Strange Circus
J 2005
[R: Sion Sono; D: Masumi Miyazaki, Issei Ishida, Rie Kuwana; Rapid Eye Movement]
28.02.2007, 16:21, Text:
Martin Riemann
Nachdem Geschichten über Flüche und langhaarige Rachegeister im japanischen Horrorkino etwas über Gebühr beansprucht wurden, wendet man sich dort seit einiger Zeit wieder einem besonders traditionsreichen Subgenre zu: dem Ero guro. Das heißt grotesken Geschichten, die auf ungewöhnliche Weise Sexualität, Perversion und Gewalt vermischen. Wie in “Strange Circus”.
Mitsuko, die Tochter eines strengen Schuldirektors, wird von ihrem Vater sexuell missbraucht (wichtigstes Requisit: ein Cellokasten!) und von ihrer Mutter aus Eifersucht schwer misshandelt. Das alles erfährt man aus dem neuen Buch der scheinbar gehbehinderten Bestsellerautorin Taeko, die so verrückt ist, dass sie Nudeln mit der Hand verzehrt, dabei lacht und sich das Gesicht mit Soße beschmiert. Als sie den androgynen Yuji als Assistenten einstellt, beginnen die Grenzen zwischen Realität und Literatur zu verschwimmen.

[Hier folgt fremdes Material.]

Theorem proposition8 (funext : Funext) (A B : Type) (SA : Susp A) (SB : Susp B)
  (V : Wedge SA (north SA) SB (north SB)) (J : Join A B) :
  { W : J -> V &
    forall P : Pushout (fun _ : J => tt) W,
      { e : P -> (SA * SB)%type &
        (IsEquiv e
         * (forall w : V, paths (e (po_inr P w)) (wedge_to_prod V w)))%type } }.
Proof.
  exists (whitehead SA SB V J). intro P.
  exists (to_prod SA SB V J P). split.
  - exact (isequiv_of_inverse _ (of_prod SA SB V J P) (to_prodK SA SB V J P)
             (of_prodK SA SB V J P)).
  - exact (to_prod_beta_incl SA SB V J P).
Qed.
(* Let $\Gamma$ be a weighted digraph with vertex set $\{1,\dots,n\}$, $n>1$, without loops and with strictly positive arc weights, let $L$ be its Laplacian matrix, $d$ its in-forest dimension, and $\tilde J=\sigma_{n-d}^{-1}Q_{n-d}$ its normalized matrix of maximum in-forests. Then: (i) $L+\tilde J^{*}$ is nonsingular; (ii) $\operatorname{rank}L=n-\operatorname{rank}\tilde J=n-d$; (iii) $\mathcal N(L)=\mathcal R(\tilde J)$ and $\mathcal R(L)=\mathcal N(\tilde J)$; (iv) $\mathcal R(L)\cap\mathcal R(\tilde J)=\{\mathbf 0\}$; (v) $\operatorname{ind}L=1$; (vi) $\tilde J$ is the eigenprojection of $L$.
   Context: $W=(w_{ij})$ is the matrix of arc weights ($w_{ij}>0$ iff there is an arc $i\to j$, else $0$). The Laplacian $L=(\ell_{ij})$: $\ell_{ij}=-w_{ij}$ for $j\ne i$, $\ell_{ii}=\sum_{k\ne i}w_{ik}$. The weight of a subgraph is the product of its arc weights (1 if no arcs); the weight of a set of subgraphs is the sum of their weights. A converging tree is a weakly connected digraph with one vertex (the root) of outdegree 0 and all others of outdegree 1; an in-forest is a spanning subgraph of $\Gamma$ whose weak components are converging trees. The in-forest dimension $d$ is the minimal number of trees in an in-forest of $\Gamma$ (so in-forests have at most $n-d$ arcs). $\sigma_k$ is the total weight of in-forests with $k$ arcs; $Q_k=(q^k_{ij})$ with $q^k_{ij}$ the total weight of in-forests with $k$ arcs in which $i$ lies in a tree rooted at $j$. $A^*$ is the conjugate transpose, $\mathcal R(A)$ the range and $\mathcal N(A)$ the null space of $A$. The index $\operatorname{ind}A$ of a square matrix is the least $k\ge0$ with $\operatorname{rank}A^{k+1}=\operatorname{rank}A^k$. The eigenprojection of $A$ is the idempotent matrix $B$ with $\mathcal R(B)=\mathcal N(A^\nu)$ and $\mathcal N(B)=\mathcal R(A^\nu)$, where $\nu=\operatorname{ind}A$. *)

From HB Require Import structures.
From mathcomp Require Import all_boot all_order all_algebra.
Set Implicit Arguments. Unset Strict Implicit. Unset Printing Implicit Defensive.
Import Order.TTheory GRing.Theory Num.Theory.
Local Open Scope ring_scope.
(* Let $v:2^N\to\mathbb{R}_+$ be a gross substitutes valuation over a finite set $N$. Let $A,B\subseteq N$ be disjoint and $j\in N\setminus(A\cup B)$. Assume that $v(\{i\}\mid A\cup\{j\})=0$ for all $i\in B$ and that $0\le v(\{j\}\mid A)-x<v(B\mid A)$ for some $x\ge0$. Then there is $i\in B$ such that $v(\{j\}\mid A)-x<v(\{i\}\mid A)$.
   Context: Valuations are monotone functions $v:2^N\to\mathbb{R}_+$ with $v(\emptyset)=0$, $N=[n]$. Marginal value: $v(T\mid S)=v(S\cup T)-v(S)$. For a price vector $p\in\mathbb{R}^n_+$, $p(S)=\sum_{j\in S}p_j$ and $D(v;p)=\arg\max_{S\subseteq N}(v(S)-p(S))$. The valuation $v$ is gross substitutes if for every price vector $p$, every $S\in D(v;p)$ and every price vector $p'\ge p$ (coordinatewise), there is $T\in D(v;p')$ with $S\cap\{j: p_j=p'_j\}\subseteq T$. *)

From HB Require Import structures.
From mathcomp Require Import all_boot all_order all_algebra.
From mathcomp Require Import reals.
Set Implicit Arguments. Unset Strict Implicit. Unset Printing Implicit Defensive.
Import Order.TTheory GRing.Theory Num.Theory.
Local Open Scope ring_scope.

(* Ground set N = [n] is the finite type 'I_n; valuations are maps {set 'I_n} -> R. *)
Section GS.
Variables (R : realType) (n : nat).

Definition valuation (v : {set 'I_n} -> R) : Prop :=
  [/\ v set0 = 0,
      (forall S : {set 'I_n}, 0 <= v S) &
      (forall S T : {set 'I_n}, S \subset T -> v S <= v T)].

Definition marg (v : {set 'I_n} -> R) (T S : {set 'I_n}) : R := v (S :|: T) - v S.

Definition price (p : 'I_n -> R) (S : {set 'I_n}) : R := \sum_(j in S) p j.

Definition in_demand (v : {set 'I_n} -> R) (p : 'I_n -> R) (S : {set 'I_n}) : Prop :=
  forall T : {set 'I_n}, v T - price p T <= v S - price p S.

Definition gross_substitutes (v : {set 'I_n} -> R) : Prop :=
  valuation v /\
  forall (p p' : 'I_n -> R),
    (forall j, 0 <= p j) -> (forall j, 0 <= p' j) ->
    (forall j, p j <= p' j) ->
    forall S : {set 'I_n}, in_demand v p S ->
      exists T : {set 'I_n}, in_demand v p' T /\ [set j in S | p j == p' j] \subset T.

End GS.

From HB Require Import structures.
From mathcomp Require Import all_boot all_order all_algebra.
From mathcomp Require Import reals.
From mathcomp.algebra_tactics Require Import lra.
Import Order.TTheory GRing.Theory Num.Theory.
Local Open Scope ring_scope.

Set Implicit Arguments.
Unset Strict Implicit.
Unset Printing Implicit Defensive.

(* Price A at 0, j at x, every item of B at c := (v(B | A) - (v(j | A) - x)) / (|B| + 1)
   and all other items prohibitively.  Then A ∪ B beats every subset of A ∪ {j}, so any
   demanded bundle S contains some i ∈ B.  Raising the prices of B \ {i} prohibitively,
   gross substitutes yields a demanded T ∋ i.  T cannot contain j, because i adds nothing
   to A ∪ {j} but costs c > 0; hence T ⊆ A ∪ {i} and comparing T with A ∪ {j} gives
   v(j | A) - x <= v(i | A) - c. *)

Section Demand.
Variables (R : realType) (n : nat) (v : {set 'I_n} -> R) (p : 'I_n -> R).
Implicit Types (S T U W : {set 'I_n}) (k l : 'I_n).

Lemma price_set1 k : price p [set k] = p k.
Proof. by rewrite /price big_set1. Qed.

Lemma price_set2 k l : k != l -> price p [set k; l] = p k + p l.
Proof. by move=> kl; rewrite /price big_setU1 ?big_set1 // in_set1. Qed.

Lemma in_demand_exists : exists S, in_demand v p S.
Proof.
have [S _ maxS] := @arg_maxP _ _ {set 'I_n} set0 predT (fun S => v S - price p S) isT.
by exists S => T; apply: maxS.
Qed.

Hypotheses (vval : valuation v) (p_ge0 : forall k, 0 <= p k).

Lemma price_subset S T : S \subset T -> price p S <= price p T.
Proof.
move=> sST; rewrite /price [X in _ <= X](big_setID S) /= (setIidPr sST).
by rewrite lerDl sumr_ge0.
Qed.

Lemma utility_le W S U :
  W \subset S -> S \subset U -> v S - price p S <= v U - price p W.
Proof. by case: vval => _ _ vmon sWS sSU; rewrite lerB ?vmon ?price_subset. Qed.

Lemma in_demand_subset U S :
  in_demand v p S -> (forall k, k \notin U -> v setT < p k) -> S \subset U.
Proof.
case: vval => _ v_ge0 vmon dS pU; apply/subsetP => k kS; apply/negPn/negP => kU.
have := dS (S :\ k); rewrite /price (big_setD1 k kS) /= -/(price p (S :\ k)).
by have := vmon _ _ (subsetT S); have := v_ge0 (S :\ k); have := pU k kU; lra.
Qed.

End Demand.

Section Witness.
Variables (R : realType) (n : nat) (v : {set 'I_n} -> R).
Variables (A B : {set 'I_n}) (j : 'I_n) (x : R).
Implicit Types (S T : {set 'I_n}) (i k : 'I_n).
Hypotheses (vGS : gross_substitutes v) (dAB : [disjoint A & B]).
Hypotheses (jA : j \notin A) (jB : j \notin B).
Hypothesis margB0 : forall i, i \in B -> marg v [set i] (A :|: [set j]) = 0.
Hypothesis x_ge0 : 0 <= x.
Hypothesis surplus_ge0 : 0 <= marg v [set j] A - x.
Hypothesis surplus_lt : marg v [set j] A - x < marg v B A.

Let vval : valuation v. Proof. by case: vGS. Qed.

Let c := (marg v B A - (marg v [set j] A - x)) / (#|B|%:R + 1).
Let M := v setT + 1.

Let p k := if k \in A then 0 else if k == j then x else if k \in B then c else M.
Let p' i k := if k \in B :\ i then p k + M else p k.

Let c_gt0 : 0 < c.
Proof. by rewrite divr_gt0 ?subr_gt0 // ltr_wpDl. Qed.

Let c_card_lt : c * #|B|%:R < marg v B A - (marg v [set j] A - x).
Proof.
have cE : c * (#|B|%:R + 1) = marg v B A - (marg v [set j] A - x).
  by rewrite divfK // lt0r_neq0 // ltr_wpDl.
by have := c_gt0; lra.
Qed.

Let v_lt_M S : v S < M.
Proof. by case: vval => _ _ vmon; rewrite /M ltr_pwDr ?vmon ?subsetT. Qed.

Let M_gt0 : 0 < M.
Proof. by apply: le_lt_trans (v_lt_M set0); case: vval. Qed.

Let p_ge0 k : 0 <= p k.
Proof.
rewrite /p; case: ifP => // _; case: ifP => // _.
by case: ifP => _; apply: ltW; [apply: c_gt0 | apply: M_gt0].
Qed.

Let p'_ge0 i k : 0 <= p' i k.
Proof. by rewrite /p'; case: ifP => _; [apply: addr_ge0 (ltW M_gt0) |]; apply: p_ge0. Qed.

Let p_le_p' i k : p k <= p' i k.
Proof. by rewrite /p'; case: ifP => _ //; rewrite lerDl (ltW M_gt0). Qed.

Let p_B k : k \in B -> p k = c.
Proof.
move=> kB; rewrite /p (disjointFl dAB kB) kB; case: eqP => // kj.
by move: jB; rewrite -kj kB.
Qed.

Let price_AB : price p (A :|: B) = c * #|B|%:R.
Proof.
rewrite /price (eq_bigl [predU A & B]); last by move=> k; rewrite !inE.
rewrite bigU //= big1 ?add0r => [|k kA]; last by rewrite /p kA.
by rewrite (eq_bigr (fun _ => c)) ?sumr_const ?mulr_natr // => k /p_B.
Qed.

Lemma demanded_meets_B S : in_demand v p S -> exists2 i, i \in B & i \in S.
Proof.
move=> dS; have [/eqP SB0 | /set0Pn [i]] := boolP (S :&: B == set0); last first.
  by rewrite inE => /andP[iS iB]; exists i.
have sSAj : S \subset A :|: [set j].
  have : S \subset A :|: [set j] :|: B.
    apply: (in_demand_subset vval dS) => k; rewrite !inE.
    case/norP=> /norP[kA kj] kB; rewrite /p (negbTE kA) (negbTE kj) (negbTE kB).
    exact: v_lt_M.
  by move=> sS; rewrite -(setIidPl sS) setIUr SB0 setU0 subsetIr.
have uS : v S - price p S <= v (A :|: [set j]) - x.
  have pj : p j = x by rewrite /p (negbTE jA) eqxx.
  case jS: (j \in S).
    by rewrite -pj -price_set1; apply: (utility_le vval p_ge0); rewrite ?sub1set.
  have sSA : S \subset A.
    apply/subsetP => k kS; move/subsetP: sSAj => /(_ k kS); rewrite !inE.
    by case/orP => // /eqP kj; move: jS; rewrite -kj kS.
  have := utility_le vval p_ge0 (sub0set S) sSA; rewrite /price big_set0.
  by move: surplus_ge0; rewrite /marg; lra.
by have := dS (A :|: B); rewrite price_AB; have := c_card_lt; rewrite /marg; lra.
Qed.

Lemma surplus_lt_marg i T : i \in B -> in_demand v (p' i) T -> i \in T ->
  marg v [set j] A - x < marg v [set i] A.
Proof.
move=> iB dT iT; have ij : i != j by apply: contraNneq jB => <-.
have p'i : p' i i = c by rewrite /p' setD11 p_B.
have p'j : p' i j = x by rewrite /p' !inE (negbTE jB) andbF /p (negbTE jA) eqxx.
have sT : T \subset A :|: [set j; i].
  apply: (in_demand_subset vval dT) => k; rewrite !inE.
  case/norP=> kA /norP[kj ki]; rewrite /p' !inE ki /= /p (negbTE kA) (negbTE kj).
  case: (k \in B); last exact: v_lt_M.
  exact: ltr_wpDl (ltW c_gt0) (v_lt_M _).
have uAj : v (A :|: [set j]) - x <= v T - price (p' i) T.
  have := dT (A :|: [set j]); congr (_ - _ <= _).
  rewrite setUC /price big_setU1 //= big1 ?addr0 // => k kA.
  by rewrite /p' !inE (disjointFr dAB kA) andbF /p kA.
have jT : j \notin T.
  apply/negP => jT; have := utility_le vval (p'_ge0 i) _ sT.
  have -> : A :|: [set j; i] = A :|: [set j] :|: [set i] by rewrite setUA.
  move/eqP: (margB0 iB); rewrite /marg subr_eq0 => /eqP ->.
  move/(_ [set j; i]); rewrite price_set2 1?eq_sym // p'i p'j.
  have -> : [set j; i] \subset T by rewrite subUset !sub1set jT iT.
  by have := c_gt0; lra.
have sTAi : T \subset A :|: [set i].
  apply/subsetP => k kT; move/subsetP: sT => /(_ k kT); rewrite !inE.
  case/orP => [-> // | /orP[/eqP kj | ->]]; rewrite ?orbT //.
  by move: jT; rewrite -kj kT.
have := utility_le vval (p'_ge0 i) _ sTAi; move/(_ [set i]).
rewrite sub1set iT price_set1 p'i => /(_ isT).
by have := c_gt0; move: uAj; rewrite /marg; lra.
Qed.

Lemma gross_substitutes_witness :
  exists2 i, i \in B & marg v [set j] A - x < marg v [set i] A.
Proof.
have [S dS] := in_demand_exists v p.
have [i iB iS] := demanded_meets_B dS.
have [T [dT sST]] := vGS.2 p (p' i) p_ge0 (p'_ge0 i) (p_le_p' i) S dS.
exists i => //; apply: surplus_lt_marg dT _ => //.
by move/subsetP: sST; apply; rewrite inE iS /p' setD11 eqxx.
Qed.

End Witness.

Theorem mainTheorem8 (R : realType) (n : nat) (v : {set 'I_n} -> R)
  (A B : {set 'I_n}) (j : 'I_n) (x : R) :
  gross_substitutes v ->
  [disjoint A & B] ->
  j \notin A :|: B ->
  (forall i, i \in B -> marg v [set i] (A :|: [set j]) = 0) ->
  0 <= x ->
  0 <= marg v [set j] A - x ->
  marg v [set j] A - x < marg v B A ->
  exists2 i, i \in B & marg v [set j] A - x < marg v [set i] A.
Proof.
move=> vGS dAB; rewrite in_setU negb_or => /andP[jA jB].
exact: gross_substitutes_witness.
Qed.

Sion Sonos knallbunter Bilderreigen um Kindesmissbrauch und Persönlichkeitsverschiebung dürfte mit seiner Drastik und der wirren Struktur für viele Zuschauer eine Herausforderung darstellen. Dabei gestaltet es sich nicht gerade zum Vorteil, dass man hinter den breit ausgewalzten Tabubrüchen und der arg gewollten Seltsamkeit des Films nicht viel finden wird. Aber so ist eben das Ero-guro-Genre. Der Deckmantel gesellschaftlicher Relevanz dient ihm nur, um dem geneigten Fan mit dem hanebüchensten Unsinn die nötigen Kicks zu verschaffen.